Most metrics identify violations of good programming practices. In other words, they spot the incorrect or incomplete syntaxes or incorrect structures of various instructions. Good practices of architecture are not based on a special syntax, but on links between different components in different layers of the application.
I see two main interests in an analysis tool that can detect such links:
- Conduct impact analysis: there we go out of the field of code quality to get into the domain of retro-documentation or assistance with migration.
- Verify compliance with the rules of use of frameworks, proprietary or not.
I think this second point has a genuine interest. For example, when you centralize access to the data layer on some specialized components, or when all the objects in the presentation layer must go through a unique component to access the business logic layer, you like to be able to identify objects that do not respect these rules. Because the next change on one of these layers may not be implemented for these objects.
But these are mostly necessary for 3-tiers architectures, so J2EE and .Net mainly. Also, if your frameworks and architecture best practices are proprietary, you should expect a cost of customization.

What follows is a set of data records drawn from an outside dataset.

(* Let $I=\{1,\dots,\ell\}$, $J=\{\ell+1,\dots,p\}$, let $h_1,\dots,h_p\colon\mathbb R^n\times\mathbb R^m\to\overline{\mathbb R}$ be given and define $\Gamma\colon\mathbb R^n\rightrightarrows\mathbb R^m$ by $\Gamma(x):=\{y\in\mathbb R^m\mid h_i(x,y)\le 0\ (i\in I),\ h_i(x,y)=0\ (i\in J)\}$. Let $(\bar x,\bar y)\in\operatorname{gph}\Gamma$ and suppose that $\Gamma$ is R-regular at $(\bar x,\bar y)$ with respect to $\operatorname{dom}\Gamma$. Furthermore, let $h_1,\dots,h_p$ be continuous at $(\bar x,\bar y)$ and let $h_1(x,\cdot),\dots,h_p(x,\cdot)\colon\mathbb R^m\to\mathbb R$ be continuous for each $x\in\operatorname{dom}\Gamma$ from a neighborhood of $\bar x$. Then $\Gamma$ is inner semicontinuous at $(\bar x,\bar y)$ with respect to $\operatorname{dom}\Gamma$.
   Context: $\operatorname{dom}\Gamma:=\{x\mid\Gamma(x)\neq\emptyset\}$, $\operatorname{gph}\Gamma:=\{(x,y)\mid y\in\Gamma(x)\}$; $\|\cdot\|$ is the Euclidean norm and $\operatorname{dist}(y,A):=\inf\{\|z-y\|\mid z\in A\}$ (equal to $+\infty$ if $A=\emptyset$). $\Gamma$ is called R-regular at $(\bar x,\bar y)\in\operatorname{gph}\Gamma$ with respect to $\Omega\subset\mathbb R^n$ if there exist $\kappa>0$ and a neighborhood $U$ of $(\bar x,\bar y)$ such that for all $(x,y)\in U\cap(\Omega\times\mathbb R^m)$: $\operatorname{dist}(y,\Gamma(x))\le\kappa\max\{0,\max_{i\in I}h_i(x,y),\max_{i\in J}|h_i(x,y)|\}$. A set-valued map $\Upsilon$ is inner semicontinuous at $(\bar x,\bar y)\in\operatorname{gph}\Upsilon$ with respect to $\Omega$ if for every sequence $\{x^k\}\subset\Omega$ with $x^k\to\bar x$ there is a sequence $y^k\to\bar y$ with $y^k\in\Upsilon(x^k)$ for all sufficiently large $k$. *)

(* R^n is modelled as row vectors 'rV[R]_n; the
   topology (neighborhoods, convergence, continuity) is the canonical one on
   'rV[R]_n and on products, which coincides with the Euclidean topology. *)
From HB Require Import structures.
From mathcomp Require Import all_boot all_order all_algebra.
From mathcomp Require Import all_classical all_reals all_analysis.
Set Implicit Arguments. Unset Strict Implicit. Unset Printing Implicit Defensive.
Import Order.TTheory GRing.Theory Num.Theory.
Import numFieldNormedType.Exports.
Local Open Scope classical_set_scope.
Local Open Scope ring_scope.

Definition enorm {R : realType} {n : nat} (v : 'rV[R]_n) : R :=
  Num.sqrt (\sum_(i < n) v ord0 i ^+ 2).

(* dist(y, A) = inf { ||z - y|| : z in A }, = +oo if A is empty *)
Definition edist {R : realType} {m : nat} (y : 'rV[R]_m) (A : set 'rV[R]_m)
  : \bar R := ereal_inf [set (enorm (z - y))%:E | z in A].

(* Indices 'I_p (0-based): I = {i | i < l}, J = {i | l <= i}. *)
Definition Gamma {R : realType} {n m p : nat} (l : nat)
  (h : 'I_p -> 'rV[R]_n * 'rV[R]_m -> \bar R) (x : 'rV[R]_n) : set 'rV[R]_m :=
  [set y | (forall i : 'I_p, (i < l)%N -> (h i (x, y) <= 0)%E) /\
           (forall i : 'I_p, (l <= i)%N -> h i (x, y) = 0%E)].

Definition domG {R : realType} {n m p : nat} (l : nat)
  (h : 'I_p -> 'rV[R]_n * 'rV[R]_m -> \bar R) : set 'rV[R]_n :=
  [set x | Gamma l h x !=set0].

Definition residual {R : realType} {n m p : nat} (l : nat)
  (h : 'I_p -> 'rV[R]_n * 'rV[R]_m -> \bar R) (x : 'rV[R]_n) (y : 'rV[R]_m)
  : \bar R :=
  Order.max 0%E
    (Order.max (\big[Order.max/-oo%E]_(i < p | (i < l)%N) h i (x, y))
               (\big[Order.max/-oo%E]_(i < p | (l <= i)%N) `|h i (x, y)|%E)).

Definition R_regular {R : realType} {n m p : nat} (l : nat)
  (h : 'I_p -> 'rV[R]_n * 'rV[R]_m -> \bar R) (xb : 'rV[R]_n) (yb : 'rV[R]_m)
  (Omega : set 'rV[R]_n) : Prop :=
  exists kappa : R, 0 < kappa /\
  exists U : set ('rV[R]_n * 'rV[R]_m), nbhs (xb, yb) U /\
    forall x y, U (x, y) -> Omega x ->
      (edist y (Gamma l h x) <= kappa%:E * residual l h x y)%E.

Definition inner_semicontinuous {R : realType} {n m : nat}
  (Ups : 'rV[R]_n -> set 'rV[R]_m) (xb : 'rV[R]_n) (yb : 'rV[R]_m)
  (Omega : set 'rV[R]_n) : Prop :=
  forall xk : nat -> 'rV[R]_n, (forall k, Omega (xk k)) -> xk @ \oo --> xb ->
    exists yk : nat -> 'rV[R]_m, yk @ \oo --> yb /\
      \forall k \near \oo, Ups (xk k) (yk k).

From Pilot Require Import Defs.
From HB Require Import structures.
From mathcomp Require Import all_boot all_order all_algebra.
From mathcomp Require Import all_classical all_reals all_analysis.
Import Order.TTheory GRing.Theory Num.Theory.
Import numFieldNormedType.Exports.
Local Open Scope classical_set_scope.
Local Open Scope ring_scope.

(* By R-regularity, dist(ybar, Gamma(x)) <= kappa * residual(x, ybar) for x in
   dom Gamma near xbar, and the residual at (x, ybar) tends to 0 as x -> xbar,
   because each h_i is continuous at the feasible point (xbar, ybar).  Hence
   along any sequence x_k -> xbar in dom Gamma one can pick y_k in Gamma(x_k)
   with ||y_k - ybar|| < dist(ybar, Gamma(x_k)) + 1/(k+1), and y_k -> ybar. *)

Lemma mx_norm_le_enorm {R : realType} {m : nat} (v : 'rV[R]_m) :
  `|v| <= enorm v.
Proof.
rewrite [`|v|]mx_normrE; apply: bigmax_le; first exact: sqrtr_ge0.
move=> [i j] _ /=; rewrite (ord1 i) -sqrtr_sqr /enorm ler_sqrt; last first.
  by apply: sumr_ge0 => k _; exact: sqr_ge0.
by rewrite (bigD1 j) //= lerDl; apply: sumr_ge0 => k _; exact: sqr_ge0.
Qed.

(* Qualified because MathComp-Analysis defines its own [edist]. *)
Section EuclideanDistance.
Variables (R : realType) (m : nat).
Implicit Types (y : 'rV[R]_m) (A : set 'rV[R]_m).

Lemma edist_ge0 y A : (0 <= Defs.edist y A)%E.
Proof. by apply/ereal_infP => _ [z _ <-]; rewrite lee_fin sqrtr_ge0. Qed.

Lemma edist_fin_num y {A} : A !=set0 -> Defs.edist y A \is a fin_num.
Proof.
move=> [z Az]; rewrite ge0_fin_numE ?edist_ge0 //.
by apply: le_lt_trans (ltry (enorm (z - y))); apply: ereal_inf_lbound; exists z.
Qed.

Lemma edist_approx y A (e : R) : A !=set0 -> 0 < e ->
  exists z, A z /\ ((enorm (z - y))%:E < Defs.edist y A + e%:E)%E.
Proof.
move=> A0 e0; have fin_dist := edist_fin_num y A0.
by have [_ [z Az <-] lt_z] := lb_ereal_inf_adherent e0 fin_dist; exists z.
Qed.

End EuclideanDistance.

Lemma inner_semicontinuous_edist {R : realType} {n m : nat}
    (Ups : 'rV[R]_n -> set 'rV[R]_m) (xb : 'rV[R]_n) (yb : 'rV[R]_m)
    (Omega : set 'rV[R]_n) :
  (forall x, Omega x -> Ups x !=set0) ->
  (forall xk : nat -> 'rV[R]_n, (forall k, Omega (xk k)) -> xk @ \oo --> xb ->
     forall e : R, 0 < e ->
       \forall k \near \oo, (Defs.edist yb (Ups (xk k)) < e%:E)%E) ->
  inner_semicontinuous Ups xb yb Omega.
Proof.
move=> Ups0 edist_to0 xk Omega_xk xk_xb.
have approx k : exists y, Ups (xk k) y /\
    ((enorm (y - yb))%:E < Defs.edist yb (Ups (xk k)) + (k.+1%:R^-1)%:E)%E.
  by apply: edist_approx; [exact: Ups0 | rewrite invr_gt0 ltr0Sn].
have [yk /all_and2 [Ups_yk yk_close]] := choice (fun k => approx k).
exists yk; split; last exact: nearW.
apply/cvgrPdist_lt => e e0; have e20 : 0 < e / 2 by rewrite divr_gt0.
have small_dist := edist_to0 _ Omega_xk xk_xb _ e20.
have small_inv := near_infty_natSinv_lt (PosNum e20).
near=> k; rewrite distrC; apply: le_lt_trans (mx_norm_le_enorm _) _.
rewrite -lte_fin (splitr e) EFinD; apply: lt_le_trans (yk_close k) _.
apply: leeD; apply: ltW; last by rewrite lte_fin; near: k.
by near: k.
Unshelve. all: by end_near.
Qed.

Lemma nbhs_pair_fst {T U : topologicalType} {a : T} {b : U} {P : set (T * U)} :
  nbhs (a, b) P -> \forall x \near a, P (x, b).
Proof.
case=> -[A B] /= [A_a B_b] AB_P; apply: filterS A_a => x Ax.
by apply: AB_P; split=> //; exact: nbhs_singleton.
Qed.

Section Residual.
Context {R : realType} {n m p l : nat} {h : 'I_p -> 'rV[R]_n * 'rV[R]_m -> \bar R}.

Lemma residual_lt x y (e : R) : 0 < e ->
  (forall i, (h i (x, y) < e%:E)%E) ->
  (forall i : 'I_p, (l <= i)%N -> (- e%:E < h i (x, y))%E) ->
  (residual l h x y < e%:E)%E.
Proof.
move=> e0 h_lt h_gt.
have big_lt (P : pred 'I_p) F : (forall i, P i -> (F i < e%:E)%E) ->
    (\big[Order.max/-oo%E]_(i < p | P i) F i < e%:E)%E.
  move=> F_lt; apply: (big_ind (fun t => t < e%:E)%E) => //; first exact: ltNye.
  by move=> a b a_lt b_lt; rewrite gt_max a_lt b_lt.
rewrite /residual !gt_max lte_fin e0 !big_lt // => i l_le_i.
by rewrite lte_absl h_lt andbT h_gt.
Qed.

Lemma residual_near_lt {xb : 'rV[R]_n} {yb : 'rV[R]_m} {e : R} :
  Gamma l h xb yb -> (forall i, {for (xb, yb), continuous (h i)}) -> 0 < e ->
  \forall z \near (xb, yb), (residual l h z.1 z.2 < e%:E)%E.
Proof.
move=> [hI hJ] h_cont e0.
have near_h i : \forall z \near (xb, yb),
    (h i z < e%:E)%E /\ ((l <= i)%N -> (- e%:E < h i z)%E).
  have h_le0 : (h i (xb, yb) <= 0)%E by case: (leqP l i) => [/hJ -> | /hI].
  have lt_e : (h i (xb, yb) < e%:E)%E by apply: le_lt_trans h_le0 _; rewrite lte_fin.
  have near_lt := h_cont i _ (open_ereal_lt' lt_e).
  case: (leqP l i) => [l_le_i | _]; last first.
    by near=> z; split=> //; near: z; exact: near_lt.
  have gt_e : (- e%:E < h i (xb, yb))%E by rewrite hJ // lteNl oppe0 lte_fin.
  near=> z; split=> [|_]; near: z; first exact: near_lt.
  exact: h_cont i _ (open_ereal_gt' gt_e).
near=> z; have near_hi : forall i,
    (h i z < e%:E)%E /\ ((l <= i)%N -> (- e%:E < h i z)%E).
  by near: z; exact: filter_forall near_h.
apply: residual_lt => // i; rewrite -surjective_pairing.
  exact: (near_hi i).1.
exact: (near_hi i).2.
Unshelve. all: by end_near.
Qed.

Lemma R_regular_edist_near_lt {xb : 'rV[R]_n} {yb : 'rV[R]_m}
    {Omega : set 'rV[R]_n} {e : R} :
  R_regular l h xb yb Omega -> Gamma l h xb yb ->
  (forall i, {for (xb, yb), continuous (h i)}) -> 0 < e ->
  \forall x \near xb, Omega x -> (Defs.edist yb (Gamma l h x) < e%:E)%E.
Proof.
move=> [kap [kap0 [U [U_nbhs reg]]]] gph h_cont e0.
have near_U := nbhs_pair_fst U_nbhs.
have near_res := nbhs_pair_fst (residual_near_lt gph h_cont (divr_gt0 e0 kap0)).
near=> x => Omega_x; apply: le_lt_trans (reg x yb _ Omega_x) _; first by near: x.
rewrite -(divfK (lt0r_neq0 kap0) e) mulrC EFinM lte_pmul2l ?lte_fin //.
by near: x.
Unshelve. all: by end_near.
Qed.

End Residual.

Theorem lemma2p5 (R : realType) (n m p l : nat) (hlp : (l <= p)%N)
  (h : 'I_p -> 'rV[R]_n * 'rV[R]_m -> \bar R)
  (xb : 'rV[R]_n) (yb : 'rV[R]_m)
  (hgph : Gamma l h xb yb)
  (hreg : R_regular l h xb yb (domG l h))
  (hcont : forall i : 'I_p, {for (xb, yb), continuous (h i)})
  (hcont2 : exists V : set 'rV[R]_n, nbhs xb V /\
     forall x, V x -> domG l h x -> forall i : 'I_p,
       (forall y, h i (x, y) \is a fin_num) /\
       continuous (fun y : 'rV[R]_m => fine (h i (x, y)))) :
  inner_semicontinuous (Gamma l h) xb yb (domG l h).
Proof.
apply: inner_semicontinuous_edist => // xk dom_xk xk_xb e e0.
have near_edist := xk_xb _ (R_regular_edist_near_lt hreg hgph hcont e0).
by near=> k; move: (dom_xk k); near: k; exact: near_edist.
Unshelve. all: by end_near.
Qed.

These metrics are those that present the greatest number of false-positives. It is (relatively) easy to verify that a particular syntax is respected or not, so metrics corresponding to good programming practices are generally reliable. A metric that checks calls between certain types or classes of components will be much more context-sensitive and may require a systematic validation of the links after each analysis. At an higher cost of implementation and analysis.
Finally, you will probably find a proportion of 1 to 10 between these different kinds of rules: metrics about architecture good practices will not represent more than 10% of all rules proposed by the tool. And all are not critical.
So again, please check the suitability and cost, to your needs. The most complete tool is not necessarily the one that suits you best.
No need to buy a Hummer to go shopping: when you realize the effort to maneuver it and the time wasted trying to park, you may quickly leave it in the garage.